= YOUR TASK =
Pull out each line of the records holding the string "Require".

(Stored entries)
======

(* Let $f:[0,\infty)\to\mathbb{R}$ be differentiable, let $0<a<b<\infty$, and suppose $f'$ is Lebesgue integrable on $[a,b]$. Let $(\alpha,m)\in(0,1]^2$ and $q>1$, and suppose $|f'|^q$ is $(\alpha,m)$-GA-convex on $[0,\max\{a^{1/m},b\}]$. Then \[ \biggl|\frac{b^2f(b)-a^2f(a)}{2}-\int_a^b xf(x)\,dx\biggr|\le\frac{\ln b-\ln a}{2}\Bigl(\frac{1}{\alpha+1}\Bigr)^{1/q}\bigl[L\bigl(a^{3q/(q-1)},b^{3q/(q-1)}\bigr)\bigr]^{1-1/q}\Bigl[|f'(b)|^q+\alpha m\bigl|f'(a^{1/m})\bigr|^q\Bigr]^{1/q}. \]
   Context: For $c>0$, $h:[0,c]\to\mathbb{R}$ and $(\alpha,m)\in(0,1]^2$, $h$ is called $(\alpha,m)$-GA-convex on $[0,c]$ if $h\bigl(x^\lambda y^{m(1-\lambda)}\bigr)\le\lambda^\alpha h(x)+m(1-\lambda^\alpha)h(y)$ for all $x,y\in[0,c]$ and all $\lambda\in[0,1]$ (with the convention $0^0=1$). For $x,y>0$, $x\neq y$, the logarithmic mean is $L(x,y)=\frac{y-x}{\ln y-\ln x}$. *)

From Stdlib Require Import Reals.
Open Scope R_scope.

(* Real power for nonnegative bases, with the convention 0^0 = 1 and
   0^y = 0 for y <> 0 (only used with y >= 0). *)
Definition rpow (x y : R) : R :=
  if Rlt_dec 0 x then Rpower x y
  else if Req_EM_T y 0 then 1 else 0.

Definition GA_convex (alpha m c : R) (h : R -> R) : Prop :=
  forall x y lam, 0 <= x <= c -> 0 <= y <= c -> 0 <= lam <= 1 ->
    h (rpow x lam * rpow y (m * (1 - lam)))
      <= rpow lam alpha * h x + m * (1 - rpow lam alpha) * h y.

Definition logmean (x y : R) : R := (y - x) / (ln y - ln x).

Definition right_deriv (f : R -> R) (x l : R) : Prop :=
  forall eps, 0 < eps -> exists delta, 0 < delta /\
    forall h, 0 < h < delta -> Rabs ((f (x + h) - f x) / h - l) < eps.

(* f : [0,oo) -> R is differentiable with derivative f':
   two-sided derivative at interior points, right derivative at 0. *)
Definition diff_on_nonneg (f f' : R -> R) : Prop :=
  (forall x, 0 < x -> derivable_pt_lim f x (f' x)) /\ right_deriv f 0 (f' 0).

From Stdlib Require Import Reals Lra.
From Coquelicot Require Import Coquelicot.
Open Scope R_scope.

======

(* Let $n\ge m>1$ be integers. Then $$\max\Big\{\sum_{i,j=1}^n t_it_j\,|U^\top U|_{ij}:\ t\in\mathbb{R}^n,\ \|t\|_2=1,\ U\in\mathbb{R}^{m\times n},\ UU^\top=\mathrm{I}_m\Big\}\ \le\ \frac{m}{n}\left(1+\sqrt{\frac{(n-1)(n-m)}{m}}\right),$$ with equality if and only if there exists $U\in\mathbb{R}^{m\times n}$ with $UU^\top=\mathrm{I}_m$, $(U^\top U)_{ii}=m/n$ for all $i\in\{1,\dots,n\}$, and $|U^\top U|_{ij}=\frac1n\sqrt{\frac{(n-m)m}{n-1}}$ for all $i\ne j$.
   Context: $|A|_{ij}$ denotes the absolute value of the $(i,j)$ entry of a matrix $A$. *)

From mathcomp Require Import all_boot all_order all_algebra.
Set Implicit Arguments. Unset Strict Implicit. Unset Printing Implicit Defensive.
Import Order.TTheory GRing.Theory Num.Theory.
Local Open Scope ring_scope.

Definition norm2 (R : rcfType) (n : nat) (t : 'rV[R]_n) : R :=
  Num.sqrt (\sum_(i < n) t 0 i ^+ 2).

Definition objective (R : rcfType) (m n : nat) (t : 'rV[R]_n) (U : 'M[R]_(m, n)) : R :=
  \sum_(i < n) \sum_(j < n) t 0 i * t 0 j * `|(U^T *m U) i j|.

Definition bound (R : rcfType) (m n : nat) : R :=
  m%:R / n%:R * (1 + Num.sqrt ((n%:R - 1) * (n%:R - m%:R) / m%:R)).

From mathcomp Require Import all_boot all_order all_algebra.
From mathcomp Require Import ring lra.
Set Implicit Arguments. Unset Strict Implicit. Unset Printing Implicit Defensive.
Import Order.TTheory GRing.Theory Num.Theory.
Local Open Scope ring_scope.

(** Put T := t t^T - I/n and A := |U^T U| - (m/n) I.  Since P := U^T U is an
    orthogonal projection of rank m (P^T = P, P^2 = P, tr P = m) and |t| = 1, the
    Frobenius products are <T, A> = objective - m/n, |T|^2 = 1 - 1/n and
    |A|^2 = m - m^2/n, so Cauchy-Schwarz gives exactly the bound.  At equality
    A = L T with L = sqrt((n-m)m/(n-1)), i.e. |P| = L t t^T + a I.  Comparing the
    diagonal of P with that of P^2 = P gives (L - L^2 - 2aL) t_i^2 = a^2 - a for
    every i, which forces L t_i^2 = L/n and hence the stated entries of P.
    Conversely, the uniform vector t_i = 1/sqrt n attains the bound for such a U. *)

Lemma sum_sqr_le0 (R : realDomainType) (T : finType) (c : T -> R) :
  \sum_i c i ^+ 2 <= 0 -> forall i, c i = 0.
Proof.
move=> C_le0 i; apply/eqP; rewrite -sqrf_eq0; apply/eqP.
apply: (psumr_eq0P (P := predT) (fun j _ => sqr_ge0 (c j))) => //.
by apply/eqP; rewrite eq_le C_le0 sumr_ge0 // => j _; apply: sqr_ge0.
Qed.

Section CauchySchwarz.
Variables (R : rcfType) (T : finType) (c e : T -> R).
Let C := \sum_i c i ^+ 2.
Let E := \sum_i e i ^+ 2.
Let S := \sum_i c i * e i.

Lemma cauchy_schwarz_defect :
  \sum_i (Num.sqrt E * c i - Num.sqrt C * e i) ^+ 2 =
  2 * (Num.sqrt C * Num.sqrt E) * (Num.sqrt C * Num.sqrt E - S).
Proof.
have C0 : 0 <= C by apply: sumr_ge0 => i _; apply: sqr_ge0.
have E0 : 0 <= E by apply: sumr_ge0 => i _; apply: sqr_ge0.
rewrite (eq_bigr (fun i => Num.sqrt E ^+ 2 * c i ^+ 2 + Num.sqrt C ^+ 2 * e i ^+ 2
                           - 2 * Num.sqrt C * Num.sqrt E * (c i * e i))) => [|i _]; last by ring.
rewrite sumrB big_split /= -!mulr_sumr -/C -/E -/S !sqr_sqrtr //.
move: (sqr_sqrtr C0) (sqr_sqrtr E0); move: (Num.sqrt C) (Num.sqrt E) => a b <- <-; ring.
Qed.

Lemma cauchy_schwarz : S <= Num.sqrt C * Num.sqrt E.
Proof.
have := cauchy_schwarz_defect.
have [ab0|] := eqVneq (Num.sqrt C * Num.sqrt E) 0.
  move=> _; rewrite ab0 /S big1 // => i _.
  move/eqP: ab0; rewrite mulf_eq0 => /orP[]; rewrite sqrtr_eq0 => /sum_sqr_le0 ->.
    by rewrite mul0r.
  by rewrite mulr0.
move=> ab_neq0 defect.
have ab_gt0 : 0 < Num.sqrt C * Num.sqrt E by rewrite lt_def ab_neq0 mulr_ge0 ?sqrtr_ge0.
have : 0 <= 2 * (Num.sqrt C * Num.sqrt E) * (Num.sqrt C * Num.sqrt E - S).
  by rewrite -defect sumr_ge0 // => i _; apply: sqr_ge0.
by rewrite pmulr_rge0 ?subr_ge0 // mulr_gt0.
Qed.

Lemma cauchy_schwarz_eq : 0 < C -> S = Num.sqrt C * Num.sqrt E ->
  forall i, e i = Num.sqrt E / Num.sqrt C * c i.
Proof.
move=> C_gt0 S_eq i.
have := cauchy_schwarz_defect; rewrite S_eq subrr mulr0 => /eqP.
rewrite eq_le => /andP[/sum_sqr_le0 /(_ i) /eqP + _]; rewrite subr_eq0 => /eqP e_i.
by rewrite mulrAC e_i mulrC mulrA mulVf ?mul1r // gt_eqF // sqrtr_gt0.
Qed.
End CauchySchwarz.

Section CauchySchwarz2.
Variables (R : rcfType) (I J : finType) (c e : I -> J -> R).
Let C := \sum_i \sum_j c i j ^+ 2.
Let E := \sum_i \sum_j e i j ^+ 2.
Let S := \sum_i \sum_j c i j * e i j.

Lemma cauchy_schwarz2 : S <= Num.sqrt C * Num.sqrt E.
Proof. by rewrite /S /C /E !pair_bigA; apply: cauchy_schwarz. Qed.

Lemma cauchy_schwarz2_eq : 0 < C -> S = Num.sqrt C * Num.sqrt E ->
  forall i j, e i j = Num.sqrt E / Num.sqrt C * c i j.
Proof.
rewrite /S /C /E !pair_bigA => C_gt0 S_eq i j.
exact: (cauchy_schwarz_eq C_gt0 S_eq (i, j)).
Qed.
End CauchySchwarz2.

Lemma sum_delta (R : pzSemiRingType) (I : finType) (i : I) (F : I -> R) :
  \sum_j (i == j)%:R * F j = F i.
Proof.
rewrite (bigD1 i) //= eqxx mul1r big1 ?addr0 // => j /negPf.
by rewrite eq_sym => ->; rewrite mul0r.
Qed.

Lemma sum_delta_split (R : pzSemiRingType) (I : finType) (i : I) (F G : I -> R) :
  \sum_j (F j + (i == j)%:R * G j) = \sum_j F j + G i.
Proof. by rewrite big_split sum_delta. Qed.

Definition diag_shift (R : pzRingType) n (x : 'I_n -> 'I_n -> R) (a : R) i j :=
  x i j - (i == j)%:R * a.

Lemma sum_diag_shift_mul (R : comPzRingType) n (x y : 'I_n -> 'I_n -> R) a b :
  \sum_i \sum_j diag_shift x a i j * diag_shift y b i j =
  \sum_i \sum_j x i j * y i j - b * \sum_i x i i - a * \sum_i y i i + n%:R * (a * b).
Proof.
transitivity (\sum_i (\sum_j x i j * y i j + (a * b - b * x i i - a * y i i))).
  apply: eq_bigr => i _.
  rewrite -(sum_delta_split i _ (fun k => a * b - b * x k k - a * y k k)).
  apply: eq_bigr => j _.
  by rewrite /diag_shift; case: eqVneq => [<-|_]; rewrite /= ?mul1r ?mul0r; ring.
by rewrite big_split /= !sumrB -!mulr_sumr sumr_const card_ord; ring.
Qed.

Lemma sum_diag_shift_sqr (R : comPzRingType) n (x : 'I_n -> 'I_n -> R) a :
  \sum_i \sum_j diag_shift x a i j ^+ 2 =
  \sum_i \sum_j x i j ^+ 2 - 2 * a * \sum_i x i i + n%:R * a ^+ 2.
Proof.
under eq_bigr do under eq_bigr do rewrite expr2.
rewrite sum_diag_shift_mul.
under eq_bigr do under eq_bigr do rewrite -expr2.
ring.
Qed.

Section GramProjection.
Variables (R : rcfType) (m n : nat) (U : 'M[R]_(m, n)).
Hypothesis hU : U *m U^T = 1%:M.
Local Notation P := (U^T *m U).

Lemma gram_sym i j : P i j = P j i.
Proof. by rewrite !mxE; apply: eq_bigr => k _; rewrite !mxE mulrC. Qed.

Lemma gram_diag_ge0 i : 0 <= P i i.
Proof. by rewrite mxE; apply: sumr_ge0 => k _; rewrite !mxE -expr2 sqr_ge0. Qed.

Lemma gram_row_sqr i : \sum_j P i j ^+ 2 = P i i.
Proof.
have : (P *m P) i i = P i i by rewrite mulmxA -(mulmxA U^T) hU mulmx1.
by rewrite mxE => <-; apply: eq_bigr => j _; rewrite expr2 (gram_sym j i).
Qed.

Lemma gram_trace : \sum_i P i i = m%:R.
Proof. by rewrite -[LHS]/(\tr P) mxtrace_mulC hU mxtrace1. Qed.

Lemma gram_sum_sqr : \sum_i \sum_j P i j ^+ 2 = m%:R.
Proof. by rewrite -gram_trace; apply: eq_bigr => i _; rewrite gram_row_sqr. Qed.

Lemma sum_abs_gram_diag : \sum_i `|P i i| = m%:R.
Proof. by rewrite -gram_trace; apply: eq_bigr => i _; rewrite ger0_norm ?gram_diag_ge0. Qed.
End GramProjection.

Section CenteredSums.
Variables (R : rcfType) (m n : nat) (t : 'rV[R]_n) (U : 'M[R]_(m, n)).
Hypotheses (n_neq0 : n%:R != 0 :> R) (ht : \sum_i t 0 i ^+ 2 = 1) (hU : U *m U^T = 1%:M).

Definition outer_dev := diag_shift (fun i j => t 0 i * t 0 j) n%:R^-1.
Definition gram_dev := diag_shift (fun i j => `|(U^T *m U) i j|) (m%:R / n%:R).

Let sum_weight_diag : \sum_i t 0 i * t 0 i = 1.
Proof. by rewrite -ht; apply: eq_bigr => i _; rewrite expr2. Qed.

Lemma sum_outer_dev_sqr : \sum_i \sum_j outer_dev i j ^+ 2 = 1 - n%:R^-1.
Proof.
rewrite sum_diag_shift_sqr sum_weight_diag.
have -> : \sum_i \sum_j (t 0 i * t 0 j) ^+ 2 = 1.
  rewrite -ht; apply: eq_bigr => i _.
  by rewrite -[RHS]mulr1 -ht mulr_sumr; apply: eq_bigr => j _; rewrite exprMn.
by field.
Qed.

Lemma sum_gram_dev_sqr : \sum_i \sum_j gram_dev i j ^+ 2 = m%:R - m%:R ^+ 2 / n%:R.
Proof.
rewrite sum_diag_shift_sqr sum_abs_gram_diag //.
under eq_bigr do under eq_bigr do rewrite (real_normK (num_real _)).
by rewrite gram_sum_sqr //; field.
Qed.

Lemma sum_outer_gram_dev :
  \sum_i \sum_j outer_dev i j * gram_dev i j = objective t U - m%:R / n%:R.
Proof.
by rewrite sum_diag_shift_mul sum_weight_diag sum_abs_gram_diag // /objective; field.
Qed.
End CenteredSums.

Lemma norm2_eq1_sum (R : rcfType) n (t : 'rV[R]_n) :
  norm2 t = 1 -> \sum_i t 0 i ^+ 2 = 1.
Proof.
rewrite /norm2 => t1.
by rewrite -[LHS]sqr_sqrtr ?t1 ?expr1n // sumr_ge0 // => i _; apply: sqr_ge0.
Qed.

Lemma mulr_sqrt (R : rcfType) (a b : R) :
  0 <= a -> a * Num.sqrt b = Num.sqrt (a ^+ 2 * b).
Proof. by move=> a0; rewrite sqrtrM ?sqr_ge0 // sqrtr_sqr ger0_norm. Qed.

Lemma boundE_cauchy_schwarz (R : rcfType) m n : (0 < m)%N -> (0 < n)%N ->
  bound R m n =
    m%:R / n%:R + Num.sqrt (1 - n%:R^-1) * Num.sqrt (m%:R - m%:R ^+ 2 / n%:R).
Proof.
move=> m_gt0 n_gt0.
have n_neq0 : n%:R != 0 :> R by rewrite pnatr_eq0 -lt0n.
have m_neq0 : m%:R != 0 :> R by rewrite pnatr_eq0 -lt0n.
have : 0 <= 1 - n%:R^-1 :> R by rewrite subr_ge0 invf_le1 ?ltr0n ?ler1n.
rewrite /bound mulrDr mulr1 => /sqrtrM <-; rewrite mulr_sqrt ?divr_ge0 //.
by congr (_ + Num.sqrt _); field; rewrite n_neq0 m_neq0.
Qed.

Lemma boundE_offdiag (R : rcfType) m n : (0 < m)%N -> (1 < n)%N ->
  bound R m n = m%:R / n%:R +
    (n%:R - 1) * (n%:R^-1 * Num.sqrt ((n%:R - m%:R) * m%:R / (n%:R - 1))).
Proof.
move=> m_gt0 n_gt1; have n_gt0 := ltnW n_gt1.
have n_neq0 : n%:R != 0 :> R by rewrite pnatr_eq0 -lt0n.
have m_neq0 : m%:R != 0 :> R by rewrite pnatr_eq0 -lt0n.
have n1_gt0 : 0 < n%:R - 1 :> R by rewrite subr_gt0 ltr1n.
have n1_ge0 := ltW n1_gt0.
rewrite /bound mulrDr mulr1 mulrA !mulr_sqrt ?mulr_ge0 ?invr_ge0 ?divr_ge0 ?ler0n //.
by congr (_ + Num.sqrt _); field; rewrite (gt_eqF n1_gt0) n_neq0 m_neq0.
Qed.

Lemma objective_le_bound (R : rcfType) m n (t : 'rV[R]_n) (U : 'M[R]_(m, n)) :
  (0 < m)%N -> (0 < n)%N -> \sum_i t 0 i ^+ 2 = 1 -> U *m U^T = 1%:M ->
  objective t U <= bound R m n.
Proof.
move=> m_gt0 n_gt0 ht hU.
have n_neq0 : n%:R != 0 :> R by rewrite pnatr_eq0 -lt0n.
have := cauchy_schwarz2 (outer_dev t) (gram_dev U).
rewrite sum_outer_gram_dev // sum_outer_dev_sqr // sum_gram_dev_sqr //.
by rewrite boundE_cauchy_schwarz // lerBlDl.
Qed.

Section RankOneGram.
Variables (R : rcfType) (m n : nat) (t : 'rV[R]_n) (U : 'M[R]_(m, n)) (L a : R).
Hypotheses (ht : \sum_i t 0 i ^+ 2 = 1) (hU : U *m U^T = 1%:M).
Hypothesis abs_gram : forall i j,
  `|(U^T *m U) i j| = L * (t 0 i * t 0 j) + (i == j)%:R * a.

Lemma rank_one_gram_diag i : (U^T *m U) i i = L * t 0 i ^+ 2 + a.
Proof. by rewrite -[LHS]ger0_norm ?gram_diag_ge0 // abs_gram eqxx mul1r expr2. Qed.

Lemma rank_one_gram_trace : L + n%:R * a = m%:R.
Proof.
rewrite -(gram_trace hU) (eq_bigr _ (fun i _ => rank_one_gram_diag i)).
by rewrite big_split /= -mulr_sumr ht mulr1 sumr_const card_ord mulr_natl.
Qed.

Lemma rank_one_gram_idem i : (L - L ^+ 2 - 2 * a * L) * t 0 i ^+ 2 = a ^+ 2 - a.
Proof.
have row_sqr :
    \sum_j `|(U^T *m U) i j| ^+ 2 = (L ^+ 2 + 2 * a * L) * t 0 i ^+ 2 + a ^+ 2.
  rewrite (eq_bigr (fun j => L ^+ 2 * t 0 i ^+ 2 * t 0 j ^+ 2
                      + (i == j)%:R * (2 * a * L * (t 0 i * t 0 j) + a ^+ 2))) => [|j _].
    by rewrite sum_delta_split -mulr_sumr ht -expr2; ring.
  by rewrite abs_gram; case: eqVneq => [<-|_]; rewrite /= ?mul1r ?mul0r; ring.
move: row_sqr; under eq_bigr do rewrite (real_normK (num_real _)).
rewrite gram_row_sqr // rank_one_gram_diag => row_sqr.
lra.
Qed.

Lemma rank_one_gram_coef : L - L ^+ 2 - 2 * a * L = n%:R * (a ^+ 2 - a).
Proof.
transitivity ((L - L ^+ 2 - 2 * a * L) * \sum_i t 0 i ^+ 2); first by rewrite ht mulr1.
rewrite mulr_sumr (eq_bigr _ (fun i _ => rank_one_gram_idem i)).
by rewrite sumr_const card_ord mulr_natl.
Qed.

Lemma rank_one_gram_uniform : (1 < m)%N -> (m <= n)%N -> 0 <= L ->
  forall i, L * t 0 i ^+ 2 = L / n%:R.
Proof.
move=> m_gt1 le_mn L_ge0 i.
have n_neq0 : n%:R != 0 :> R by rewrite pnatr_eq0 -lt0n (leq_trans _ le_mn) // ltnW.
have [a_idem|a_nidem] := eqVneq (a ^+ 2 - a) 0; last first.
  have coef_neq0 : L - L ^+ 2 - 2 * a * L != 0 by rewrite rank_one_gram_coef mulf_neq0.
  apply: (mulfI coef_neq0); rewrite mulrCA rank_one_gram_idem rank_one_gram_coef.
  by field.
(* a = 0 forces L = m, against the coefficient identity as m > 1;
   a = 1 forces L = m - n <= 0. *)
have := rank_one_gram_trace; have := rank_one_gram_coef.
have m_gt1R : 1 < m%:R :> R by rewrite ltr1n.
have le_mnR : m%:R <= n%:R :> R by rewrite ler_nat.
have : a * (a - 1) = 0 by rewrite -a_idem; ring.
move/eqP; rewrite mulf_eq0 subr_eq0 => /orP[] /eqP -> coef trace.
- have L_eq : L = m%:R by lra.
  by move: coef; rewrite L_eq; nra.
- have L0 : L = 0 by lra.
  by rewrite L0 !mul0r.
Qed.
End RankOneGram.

======

= THE COMPLETED TASK =
From Stdlib Require Import Reals.
From Stdlib Require Import Reals Lra.
From Coquelicot Require Import Coquelicot.
From mathcomp Require Import all_boot all_order all_algebra.
From mathcomp Require Import all_boot all_order all_algebra.
From mathcomp Require Import ring lra.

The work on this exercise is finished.